They took me on this camping trip and it was a big deal, because Aunty Yalena was going to be there and she was some sort of matriarch. I had to be respectful to her, obviously, but not too nice because she and Iduna apparently had some beef and I still had to be loyal. It was complicated, for sure. I would have been more stressed about it, but the sleeping arrangements dominated my attention.
“W-where?” I almost choked, not quite believing what I was hearing.
“Were you expecting a castle, your highness?” Steve grunted as he pumped the air mattress. “It’s a little hard to get a four-poster bed out here to the desert. It won’t kill ya to share a bed with your sister for one night.”
So that was it. Like some kind of cruel joke the fates were playing, I was going to be sharing a bed with my sister. I sighed and tried to put it out of my mind, focussing instead on the vivid blood-red plains and quartz glittering under the bright sun in the wide-open sky.
Night fell over the desert with quiet stillness. Stars shone like diamonds in the inky black sky, and I greeted them as old friends. Still ignoring the anxiety of our sleeping situation, I found an empty space around the campfire, between all the many strangers who were in fact my relatives, and let myself fall into the soothing rhythm of Aunty Yalena’s voice as she told stories of a time before time. A time before universities and alcohol and passive-aggressive step-parents and blow-up mattresses. Animals that turned into mountains, tears that became lakes, feathers that fell to the ground and grew into forests, snakes that carved rivers into the land, siblings that turned into stars.
I fell onto my back, so enraptured that I momentarily forgot to worry about the spiders and the snakes and the way the soft desert sand stains everything crimson, and I looked up.
“When the nights are at their longest and darkest, that’s when you can see the Dark Emu,” Yalena said. “It’s a shape inside the Milky Way, up there, see?”
I didn’t see. I didn’t expect to. I’ve never been any good at picking out constellations, couldn’t even find the Southern Cross if my life depended on it. But it was nice, nonetheless. It was pretty.
“It’s a different way of seeing. It’s a shape in the darkness, in the empty space between the bright stars.”
I let her words sit for a while, not really expecting anything. Just feeling comfortable, for once, on the soft face of an ancient country, bigger than myself. Bigger than my little problems. And then, I saw it. Clear as day. The curved neck, feathery body, and long legs.
The Dark Emu.
Right above me, in the middle of the radiant winter sky. A figure of darkness between the milky bright patches of starlight. A figure I must have seen so many times in my life, and yet I didn’t see. I only saw the bright stars shining all around.
I found my eyes were full of tears. I couldn’t say why. Just, for a moment, I was found.
“Hey,” Anna’s voice roused me. “You okay?”
“Yeah.” I couldn’t say how long I’d been lying there, staring into space. Everyone else had gone. A few smouldering coals glowed softly where the campfire had been. “What’s the time?”
“The time is now.” She shrugged and sat down next to me, pulled a squashed cigarette out of her bra, and lit it, gazing into the sky. “Want one?”
“I- I mean yes, please, but…” I sat up, blinking in surprise. Who was this smoking Anna, this mysterious girl I thought I knew? “I can’t believe you smoke!”
“Are you judging me, now?” She grinned and elbowed me in the ribs. I relished the contact. “Bloody hypocrite.”
“No! Just, I mean, you’re so sporty and fit. I just assumed you’d never do anything to jeopardise your dreams.”
She took a drag so deep I could almost hear the tiny particles of her lungs turning black, then breathed out silvery smoke into the quiet of the night. “They’re mostly Mum and Dad’s dreams.”
The words reverberated in the cool night air, like a gong.

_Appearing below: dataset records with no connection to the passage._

Definition is_lca (a b s : V) : Prop :=
  [/\ ancestor s a, ancestor s b &
      forall t, ancestor t a -> ancestor t b -> ancestor t s].

(* z lies on the (tree) path from a to b: z is an ancestor of a or of b,
   and lies below (or at) every common ancestor of a and b. *)
Definition on_path (a b z : V) : Prop :=
  (ancestor z a \/ ancestor z b) /\
  forall t, ancestor t a -> ancestor t b -> ancestor t z.

Definition bicolouring (A B : {set V}) : Prop :=
  [/\ A \subset leaves, B \subset leaves, [disjoint A & B] & #|A| = #|B|].

Definition pair_identifies (S : {set V}) (pi sigma : V -> V) : Prop :=
  [/\ {in S &, injective pi}, {in S &, injective sigma},
      (forall s, s \in S ->
         [/\ pi s \in leaves, sigma s \in leaves & is_lca (pi s) (sigma s) s])
    &
      forall x s1 s2, s1 \in S -> s2 \in S ->
        on_path (pi s1) (sigma s1) x -> on_path (pi s2) (sigma s2) x ->
        s1 = s2].

Definition bicol_identifies (A B S : {set V}) : Prop :=
  S \subset inner /\
  exists pi sigma : V -> V,
    [/\ pair_identifies S pi sigma, pi @: S = A & sigma @: S = B].

Definition family_identifies (n : nat) (A B : 'I_n -> {set V}) (S : {set V})
  : Prop :=
  exists P : 'I_n -> {set V},
    [/\ forall i j, i != j -> [disjoint P i & P j],
        \bigcup_(i < n) P i = S &
        forall i, bicol_identifies (A i) (B i) (P i)].

Definition family_identifies_tree (n : nat) (A B : 'I_n -> {set V}) : Prop :=
  family_identifies A B inner.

“I kind of wanna quit athletics.”
Steve may not have projected the same suit-wearing, stern-voiced flavour of expectation as my own father. But I understood, nonetheless. It was a rare moment when the right words, borne of empathy, just came to me. “What’s your dream, then?”
“Music.” There wasn’t a moment’s hesitation, and her voice shone with hope. “I want to focus on music.”
“Really?” Of course I loved her music, but it never clicked that it was quite so important. Maybe it would have, if I’d been seeing in a different way. Seeing what was in the dark, empty space between all the sports trophies and medals and bragging parents. “That’s awesome.”
“Me and some friends have started a band. We’ve written loads of material. We just need to find a new drummer. And then… figure out how to book a gig, I guess.”
God, how did she just keep getting cooler? The idea of her up on a stage, rocking out in some badass outfit was almost too much for my brain to process. “Well, when you do, count me in! I’ll be your biggest fan.”
“Yeah?” She butted out her cigarette and elbowed me again, “you gonna throw some undies onstage for me?”
I choked out a laugh, hoping to God she was just being silly and hadn’t noticed anything suspicious in my dark patches. That this wasn’t some kind of test. The beginning of the end.
“It’s getting pretty cold. Do you wanna head back to the tent?”
I gulped like a guilty defendant and followed her through the sleeping campsite.
Anna fell asleep almost immediately, but I lay stiffly at the edge of the mattress, barely able to breathe in the heat of the shared space. Overwhelmed by both the reality of our closeness, and the impossibility of more.
When the sun rose, she was draped over me in a mess of awkward angles, her cheek pressed against my own and warm breath in my ear. Heavy and soft. Perfect. I breathed in her scent and tried to etch every sensory detail into my memory, wishing the moment would never end.
Tragically, the smell of sausages, damper and billy-tea roused her from my embrace. “Sorry, I’m a cuddler,” she said, “but also, you’re nice and warm.” With a small giggle, she disappeared into the light.
…..
“I’m going down to the creek with some mates,” Anna told me one Friday night after dinner, “do you wanna come with?”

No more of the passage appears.